* [TASK INSTRUCTIONS] Every line below from the one containing "Lemma is_derive_Rpower_base y" through the one containing "Lemma ex_derive_continuous_R (f" must be transcribed exactly. Omit all lines outside that stretch.

(Dataset entries)
Definition cpow (p x : R) : Cx :=
  if Rlt_dec 0 x then (Rpower x p, 0)
  else if Rlt_dec x 0 then Cmul (Cexp (0, PI * p)) (Rpower (- x) p, 0)
  else C0.

Definition u_p (p : R) (x : R) : Cx := Cexp (Cmul Ci (cpow p x)).

(* Only points with [x0 <> 0] have to be excluded, and for them the cone
   [|xi| < c |x|] over the half-line of [x0] works.  Split the integral
   [V_phi u (x, xi) = int u(y) conj(phi(y - x)) e^{-i y xi} dy] at the dyadic window
   [|x|/2 <= |y| <= 2|x|].  Outside it [|y - x| >= |x|/2], so the Schwartz decay of
   [phi] makes that part [O(|x|^-L)].  Inside it, for [x > 0] the integrand is
   [e^{i theta(y)} conj(phi(y - x))] with [theta(y) = y^p - y xi]; since [p > 2] and
   [|xi| <= c |x|], [|theta'(y)| >= (p/2) |y|^(p-1)] once [|x|] is large, and each
   integration by parts gains a factor [|x|^-1].  For [x < 0],
   [u(y) = exp (i cos(pi p) |y|^p - sin(pi p) |y|^p)] with [sin(pi p) >= 0] because
   [2n <= p <= 2n+1]: either the damping factor decays exponentially, or
   [cos(pi p) = +-1] and the same non-stationary phase argument applies.  On the
   cone, [<(x, xi)>] is comparable to [1 + |x|]. *)

From Coquelicot Require Import Coquelicot.
From Stdlib Require Import Reals Lra Lia ClassicalEpsilon.
Open Scope R_scope.

Lemma is_derive_eq (f : R -> R) (x l l' : R) : is_derive f x l -> l = l' -> is_derive f x l'.
Proof. intros H ->; exact H. Qed.

Lemma is_derive_Rmult (f g : R -> R) (x df dg : R) : is_derive f x df -> is_derive g x dg ->
  is_derive (fun t => f t * g t) x (df * g x + f x * dg).
Proof. intros. apply (is_derive_mult f g); auto. intros; apply Rmult_comm. Qed.

Lemma is_derive_Rplus (f g : R -> R) (x df dg : R) : is_derive f x df -> is_derive g x dg ->
  is_derive (fun t => f t + g t) x (df + dg).
Proof. intros. apply (is_derive_plus f g); auto. Qed.

Lemma is_derive_Rminus (f g : R -> R) (x df dg : R) : is_derive f x df -> is_derive g x dg ->
  is_derive (fun t => f t - g t) x (df - dg).
Proof. intros. apply (is_derive_minus f g); auto. Qed.

Lemma is_derive_Rcomp (f g : R -> R) x df dg : is_derive f (g x) df -> is_derive g x dg ->
  is_derive (fun t => f (g t)) x (dg * df).
Proof. intros. apply (is_derive_comp f g); auto. Qed.

Lemma is_derive_Rpower_base y a : 0 < y -> is_derive (fun t => Rpower t a) y (a * Rpower y (a - 1)).
Proof. intros. apply is_derive_Reals, derivable_pt_lim_power; auto. Qed.

Lemma is_derive_shift (f : R -> R) x y l : is_derive f (y - x) l -> is_derive (fun t => f (t - x)) y l.
Proof. intros H. apply (is_derive_eq _ _ (1 * l)); [|ring]. apply (is_derive_Rcomp f); auto. auto_derive; auto; ring. Qed.

Lemma ex_derive_continuous_R (f : R -> R) y : ex_derive f y -> continuous f y.
Proof. apply (ex_derive_continuous (K:=R_AbsRing) (V:=R_NormedModule)). Qed.

Lemma continuous_Rplus (f g : R -> R) y : continuous f y -> continuous g y -> continuous (fun t => f t + g t) y.
Proof. intros. apply (continuous_plus (K:=R_AbsRing) (V:=R_NormedModule)); auto. Qed.

Lemma continuous_Rminus (f g : R -> R) y : continuous f y -> continuous g y -> continuous (fun t => f t - g t) y.
Proof. intros. apply (continuous_minus (K:=R_AbsRing) (V:=R_NormedModule) f g); auto. Qed.

Lemma continuous_Rmult (f g : R -> R) y : continuous f y -> continuous g y -> continuous (fun t => f t * g t) y.
Proof. intros. apply (continuous_mult (K:=R_AbsRing) f g); auto. Qed.

Lemma continuous_Ropp (f : R -> R) y : continuous f y -> continuous (fun t => - f t) y.
Proof. intros. apply (continuous_opp (K:=R_AbsRing) (V:=R_NormedModule) f); auto. Qed.

Lemma continuous_shift (f : R -> R) x y : continuous f (y - x) -> continuous (fun t => f (t - x)) y.
Proof.
  intros H. apply (continuous_comp (fun t => t - x) f); auto.
  apply ex_derive_continuous_R. auto_derive. auto.
Qed.

Lemma continuous_Rscal (f : R -> R) k y : continuous f y -> continuous (fun t => k * f t) y.
Proof. intros. apply (continuous_Rmult (fun _ => k)); auto. apply (continuous_const (U:=R_UniformSpace) (V:=R_UniformSpace)). Qed.

Lemma ex_derive_Rmult (f g : R -> R) y : ex_derive f y -> ex_derive g y -> ex_derive (fun t => f t * g t) y.
Proof. intros [a Ha] [b Hb]. eexists. apply is_derive_Rmult; eauto. Qed.

Lemma ex_derive_Rplus (f g : R -> R) y : ex_derive f y -> ex_derive g y -> ex_derive (fun t => f t + g t) y.
Proof. intros [a Ha] [b Hb]. eexists. apply is_derive_Rplus; eauto. Qed.

Lemma ex_derive_Rminus (f g : R -> R) y : ex_derive f y -> ex_derive g y -> ex_derive (fun t => f t - g t) y.
Proof. intros [a Ha] [b Hb]. eexists. apply is_derive_Rminus; eauto. Qed.

Lemma ex_derive_Rcomp (f g : R -> R) y : ex_derive f (g y) -> ex_derive g y -> ex_derive (fun t => f (g t)) y.
Proof. intros [a Ha] [b Hb]. eexists. apply is_derive_Rcomp; eauto. Qed.

Lemma ex_derive_Rscal (f : R -> R) k y : ex_derive f y -> ex_derive (fun t => k * f t) y.
Proof. intros [a Ha]. eexists. apply is_derive_scal; eauto. Qed.

Lemma RInt_Rplus (f g : R -> R) a b : ex_RInt f a b -> ex_RInt g a b ->
  RInt (fun x => f x + g x) a b = RInt f a b + RInt g a b.
Proof. intros. apply (RInt_plus f g); auto. Qed.

Lemma RInt_Rminus (f g : R -> R) a b : ex_RInt f a b -> ex_RInt g a b ->
  RInt (fun x => f x - g x) a b = RInt f a b - RInt g a b.
Proof. intros. apply (RInt_minus f g); auto. Qed.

* [RESPONSE TO THE TASK]
Lemma is_derive_Rpower_base y a : 0 < y -> is_derive (fun t => Rpower t a) y (a * Rpower y (a - 1)).
Proof. intros. apply is_derive_Reals, derivable_pt_lim_power; auto. Qed.

Lemma is_derive_shift (f : R -> R) x y l : is_derive f (y - x) l -> is_derive (fun t => f (t - x)) y l.
Proof. intros H. apply (is_derive_eq _ _ (1 * l)); [|ring]. apply (is_derive_Rcomp f); auto. auto_derive; auto; ring. Qed.

Lemma ex_derive_continuous_R (f : R -> R) y : ex_derive f y -> continuous f y.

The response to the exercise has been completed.